EXERCISE MATERIAL

☆ ☆ ☆ ☆

Lemma F4E n : F n 4 = M [:: 0; 0; n; 0; 0; 0].
Proof.
elim: n => [|n IH]; first by rewrite F0k mono0.
by rewrite (F_step (a := [:: 0; 0; 0; 0; 0; 0]) _ _ _ _ IH) ?Fn5 ?mono0 //; pascal.
Qed.

Lemma F3E n : F n 3 = M [:: 0; 0; 'C(n, 2); n; 0; 0].
Proof.
elim: n => [|n IH]; first by rewrite F0k mono0.
by rewrite (F_step _ _ _ (F4E n) IH) //; pascal.
Qed.

Lemma F2E n : F n 2 = M [:: 0; 0; 'C(n, 3); 'C(n, 2); n; 0].
Proof.
elim: n => [|n IH]; first by rewrite F0k mono0.
by rewrite (F_step _ _ _ (F3E n) IH) //; pascal.
Qed.

Lemma F1E n : F n 1 = M [:: 0; 0; 'C(n, 4); 'C(n, 3); 'C(n, 2); n].
Proof.
elim: n => [|n IH]; first by rewrite F0k mono0.
by rewrite (F_step _ _ _ (F2E n) IH) //; pascal.
Qed.

Lemma u0_mono_twist a b d e x y :
  gmul (u 0) (M [:: a; b; d; e; x; y]) = gmul (M [:: a + x; b + y; d; e; x; y]) (u 0).
Proof.
have u0_central : gcommute (u 0) (M [:: a; b; d; e; 0; 0]).
  have -> : M [:: a; b; d; e; 0; 0] = monomial [:: c13; c12; u 4; u 3] [:: a; b; d; e].
    by rewrite /=; group_norm.
  apply: gcommute_monomial; do !constructor;
    first [exact/gcommute_sym/c13_comm | exact/gcommute_sym/c12_comm | exact: u_comm].
have u0_twist : gmul (u 0) (M [:: 0; 0; 0; 0; x; y]) =
    gmul (M [:: x; y; 0; 0; x; y]) (u 0).
  rewrite /=; group_norm.
  rewrite gmulA (gpow_twist x u02 (c13_comm 2)) -!gmulA.
  rewrite gmulA (gpow_twist y u01 (c12_comm 1)) -!gmulA; congr gmul.
  have u2_c12 : gcommute (gpow (u 2) x) (gpow c12 y).
    by apply/gcommuteX/gcommute_sym/gcommuteX; exact: c12_comm.
  by rewrite !gmulA u2_c12.
have -> : M [:: a; b; d; e; x; y] = gmul (M [:: a; b; d; e; 0; 0]) (M [:: 0; 0; 0; 0; x; y]).
  by rewrite (monomialD mono_pairwise) //; pascal.
rewrite gmulA u0_central -gmulA u0_twist gmulA (monomialD mono_pairwise) //.
by congr gmul; pascal.
Qed.

Lemma F0E n : F n 0 = gmul
  (M [:: 'C(n, 4); 'C(n, 3); 'C(n, 5); 'C(n, 4); 'C(n, 3); 'C(n, 2)]) (gpow (u 0) n).
Proof.
elim: n => [|n IH]; first by rewrite F0k mono0 gmul1.
rewrite FS // F1E IH gmulA -(gmulA _ (u 0)) u0_mono_twist.
rewrite -(gmulA (M _) (gmul (M _) (u 0))) -(gmulA (M _) (u 0)) gpowSl gmulA.
by rewrite (monomialD mono_pairwise) //; congr gmul; pascal.
Qed.

Lemma pascal_recurrence n : F n 0 =
  gmul (gmul (gmul (gmul (gmul (gmul
    (gpow c13 'C(n, 4)) (gpow c12 'C(n, 3))) (gpow (u 4) 'C(n, 5)))
    (gpow (u 3) 'C(n, 4))) (gpow (u 2) 'C(n, 3))) (gpow (u 1) 'C(n, 2))) (gpow (u 0) n).
Proof. by rewrite F0E /=; group_norm. Qed.
End PascalRecurrence.

Theorem theorem3p3 (G : AbsGroup) (hG : nilpotent_of_class G 5)
  (L : AbsGroup) (wedge : G -> G -> L) (hw : exterior_pairing wedge)
  (g h : G) (n : nat) :
  wedge (gpow g n) h =
  gmul (gmul (gmul (gmul (gmul (gmul
    (gpow (wedge (comm g h) (comm g (comm g (comm g h)))) 'C(n, 4))
    (gpow (wedge (comm g h) (comm g (comm g h))) 'C(n, 3)))
    (gpow (wedge g (comm g (comm g (comm g (comm g h))))) 'C(n, 5)))
    (gpow (wedge g (comm g (comm g (comm g h)))) 'C(n, 4)))
    (gpow (wedge g (comm g (comm g h))) 'C(n, 3)))
    (gpow (wedge g (comm g h)) 'C(n, 2)))
    (gpow (wedge g h) n).
Proof.
case: hG => nilG _.
have lcs_h k := lcs_iter_comm g h k.
have lcs_u k : lcs k.+2 (comm g (iter k (comm g) h)) := lcs_h k.+1.
have lcs_c1k k : lcs (2 + k.+3) (comm (comm g h) (iter k.+2 (comm g) h)).
  by apply: lcsR; [exact: lcs_u 0 | exact: lcs_h].
apply: (@pascal_recurrence _ (fun k => wedge g (iter k (comm g) h)) _ _
  (fun n k => wedge (gpow g n) (iter k (comm g) h))).
- by move=> i j le3; apply: (wedge_commute hw nilG _ (lcs_u i) (lcs_u j)); lia.
- by move=> i; apply: (wedge_commute hw nilG _ (lcs_c1k 0) (lcs_u i)); lia.
- by move=> i; apply: (wedge_commute hw nilG _ (lcs_c1k 1) (lcs_u i)); lia.
- by apply: (wedge_commute hw nilG _ (lcs_c1k 1) (lcs_c1k 0)).
- exact: wedge_commutator.
- exact: wedge_commutator.
- by move=> k; apply: wedge1l.
- by move=> m; rewrite (nilG _ (lcs_h 5)) wedge1r.
- by move=> m k _; apply: wedge_mull_comm.
Qed.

☆ ☆ ☆ ☆

TASK BRIEF
Taking the line with "by apply/gcommuteX/gcommute_sym/gcommuteX; exact: c12_comm." as the first and the line with "Lemma F0E n : F n 0 = gmul" as the last, retype that stretch of the data above exactly, with no other lines.

THE COMPLETED TASK
    by apply/gcommuteX/gcommute_sym/gcommuteX; exact: c12_comm.
  by rewrite !gmulA u2_c12.
have -> : M [:: a; b; d; e; x; y] = gmul (M [:: a; b; d; e; 0; 0]) (M [:: 0; 0; 0; 0; x; y]).
  by rewrite (monomialD mono_pairwise) //; pascal.
rewrite gmulA u0_central -gmulA u0_twist gmulA (monomialD mono_pairwise) //.
by congr gmul; pascal.
Qed.

Lemma F0E n : F n 0 = gmul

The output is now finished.